"Cooper, Susan - Dark is Rising 02 - The Dark is Rising" - читать интересную книгу автора (Cooper Susan)


The noise from the rookery was louder, even though the daylight was beginning to die. They could see the dark birds thronging over the treetops, more agitated than before, flapping and turning to and fro. And Will had been right; there was a stranger in the lane, standing beside the churchyard.

He was a shambling, tattered figure, more like a bundle of old clothes than a man, and at the sight of him the boys slowed their pace and drew instinctively closer to the cart and to one another.

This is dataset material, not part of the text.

(* Let $w$ be an ESG world and $w_t$ the corresponding time-extended t-ESG world. Let $\alpha$ be a sentence of ESG. Then for every finite timed trace $z_t$ and the untimed trace $z=\mathrm{sym}(z_t)$: $$w,z\models_{\mathrm{ESG}}\alpha \iff w_t,z_t\models_{\text{t-ESG}}\alpha .$$
   Context: The logic t-ESG. Sorts object, action, clock, time; standard names $\mathcal N_O,\mathcal N_A,\mathcal N_C$ (countably infinite) and time names $\mathbb Q_{\ge0}$; variables of sorts object, action, clock; fluent and rigid function and predicate symbols (action- and clock-valued functions rigid); distinguished fluent predicates $\mathit{Poss}$, $\mathit{reset}$, $g$. Terms built from variables, names and function symbols; primitive terms/formulas are symbols applied to names. Situation formulas: $P(\vec t)$, $t_1=t_2$, $c\bowtie r$ ($c$ clock term), $r\bowtie r'$ ($r,r'\in\mathbb Q_{\ge0}$, $\bowtie\in\{<,\le,=,\ge,>\}$), closed under $\wedge,\neg,\forall$, $\square\alpha$, $[\delta]\alpha$, $[\![\delta]\!]\phi$, $[\![\delta]\!]^{<\infty}\phi$; trace formulas: situation formulas closed under $\wedge,\neg,\forall$, $\phi\,\mathcal U_I\,\psi$ ($I$ interval with natural/$\infty$ endpoints). Programs $\delta::=t\mid\alpha?\mid\delta_1;\delta_2\mid\delta_1|\delta_2\mid\delta_1\|\delta_2\mid\delta^*$ ($t$ action term, $\alpha$ static: no $[\cdot],[\![\cdot]\!],\square$). Timed traces $t_1p_1t_2p_2\cdots$ with non-decreasing $t_i\in\mathbb R_{\ge0}$, $p_i\in\mathcal N_A$; $\mathcal Z$ finite, $\mathcal T$ all; $(p_1,t_1)\cdots(p_k,t_k)$ denotes $t_1p_1\cdots t_kp_k$; $\mathrm{time}(z)$ = time of last action ($0$ for $\langle\rangle$). A t-ESG world maps (primitive term, finite trace) to a name of the right sort, (primitive formula, finite trace) to $\{0,1\}$, (clock name, finite trace) to $\mathbb R_{\ge0}$, with rigidity, unique names for actions and clocks, $w[c,\langle\rangle]=0$, $w[c,z\cdot t]=w[c,z]+t-\mathrm{time}(z)$, $w[c,z\cdot p]=0$ if $w[\mathit{reset}(c),z\cdot p]=1$ else $w[c,z]$. Denotation $|f(\vec t)|^z_w=w[f(|\vec t|^z_w),z]$. Transitions given $w$: a time step $\langle z,\delta\rangle\to\langle z\cdot t,\delta\rangle$ with $t\ge\mathrm{time}(z)$ followed by an action step $\to_s$, the least relation with $\langle z,a\rangle\to_s\langle z\cdot|a|^z_w,\top?\rangle$; $\langle z,\delta_1;\delta_2\rangle\to_s\langle zp,\gamma;\delta_2\rangle$ if $\langle z,\delta_1\rangle\to_s\langle zp,\gamma\rangle$; $\langle z,\delta_1;\delta_2\rangle\to_s\langle zp,\delta'\rangle$ if $\langle z,\delta_1\rangle$ final and $\langle z,\delta_2\rangle\to_s\langle zp,\delta'\rangle$; $|$: either branch; $\langle z,\delta^*\rangle\to_s\langle zp,\gamma;\delta^*\rangle$ if $\langle z,\delta\rangle\to_s\langle zp,\gamma\rangle$; $\|$: either component steps, other unchanged. Final: $\langle z,\alpha?\rangle$ iff $w,z\models\alpha$; $;$,$\|$ both final; $|$ one final; $\delta^*$ always. $\|\delta\|^z_w$: finite $z'$ with $\langle z,\delta\rangle\to^*\langle zz',\delta'\rangle$ final, and infinite traces realized by an infinite transition sequence never visiting a final configuration. Truth: $F(\vec t)$ via $w[F(\vec n),z]$; equality of denotations; $c\bowtie r$ iff $w[c,z]\bowtie r$; usual connectives; $\forall$ substitutional over names; $\square\alpha$: all finite extensions; $[\delta]\alpha$: all finite $z'\in\|\delta\|^z_w$ give $w,zz'\models\alpha$; $[\![\delta]\!]\phi$: $w,z,\tau\models\phi$ for all $\tau\in\|\delta\|^z_w$; $[\![\delta]\!]^{<\infty}$: finite ones. $w,z,\tau\models\alpha$ iff $w,z\models\alpha$ for situation formulas; $w,z,\tau\models\phi\,\mathcal U_I\,\psi$ iff $\tau=z_1\tau'$, $z_1=(p_1,t_1)\cdots(p_k,t_k)$ nonempty, $w,zz_1,\tau'\models\psi$, $\mathrm{time}(z_1)\in\mathrm{time}(z)+I$, and $w,zz_2,z_3\tau'\models\phi$ for all splits $z_1=z_2z_3$ into nonempty time–action sequences. The logic ESG. Its language: t-ESG formulas mentioning only object and action terms, no clock terms, not mentioning $g$ or $\mathit{reset}$, and using $\mathcal U_I$ only with $I=[0,\infty)$ (written $\mathcal U$). ESG traces are finite or infinite sequences $p_1p_2\cdots$ of action names. An ESG world maps (primitive object/action term, finite ESG trace) to names and (primitive formula, finite ESG trace) to $\{0,1\}$, with rigidity and unique names for actions. ESG transitions are just the action steps above (no time steps), final configurations and program traces are defined analogously, and truth $\models_{\mathrm{ESG}}$ is defined by the same clauses (without clocks), with $w,z,\tau\models\phi\,\mathcal U\,\psi$ iff $\tau=z_1\tau'$ for nonempty $z_1$, $w,zz_1,\tau'\models\psi$ and $w,zz_2,z_3\tau'\models\phi$ for all splits $z_1=z_2z_3$ with $z_2,z_3$ nonempty. Symbolic trace: $\mathrm{sym}((p_1,t_1)\cdots(p_n,t_n))=p_1\cdots p_n$ (time points omitted). Time-extended world: for an ESG world $w$, $w_t$ is the t-ESG world with $w_t[P(\vec n),z_t]=w[P(\vec n),\mathrm{sym}(z_t)]$ for every primitive formula, $w_t[f(\vec n),z_t]=w[f(\vec n),\mathrm{sym}(z_t)]$ for every primitive term, and clock values chosen in any way satisfying the t-ESG world constraints. *)

From Stdlib Require Import Reals QArith Qreals List Bool.
Import ListNotations.
Open Scope R_scope.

He turned his shaggy head to look at them.

Then suddenly, in a dreadful blur of unreality, a hoarse, shrieking flurry was rushing dark down out of the sky, and two huge rooks swooped at the man. He staggered back, shouting, his hands thrust up to protect his face, and the birds flapped their great wings in a black vicious whirl and were gone, swooping up past the boys and into the sky.

Will and James stood frozen, staring, pressed against the bales of hay.

The stranger cowered back against the gate.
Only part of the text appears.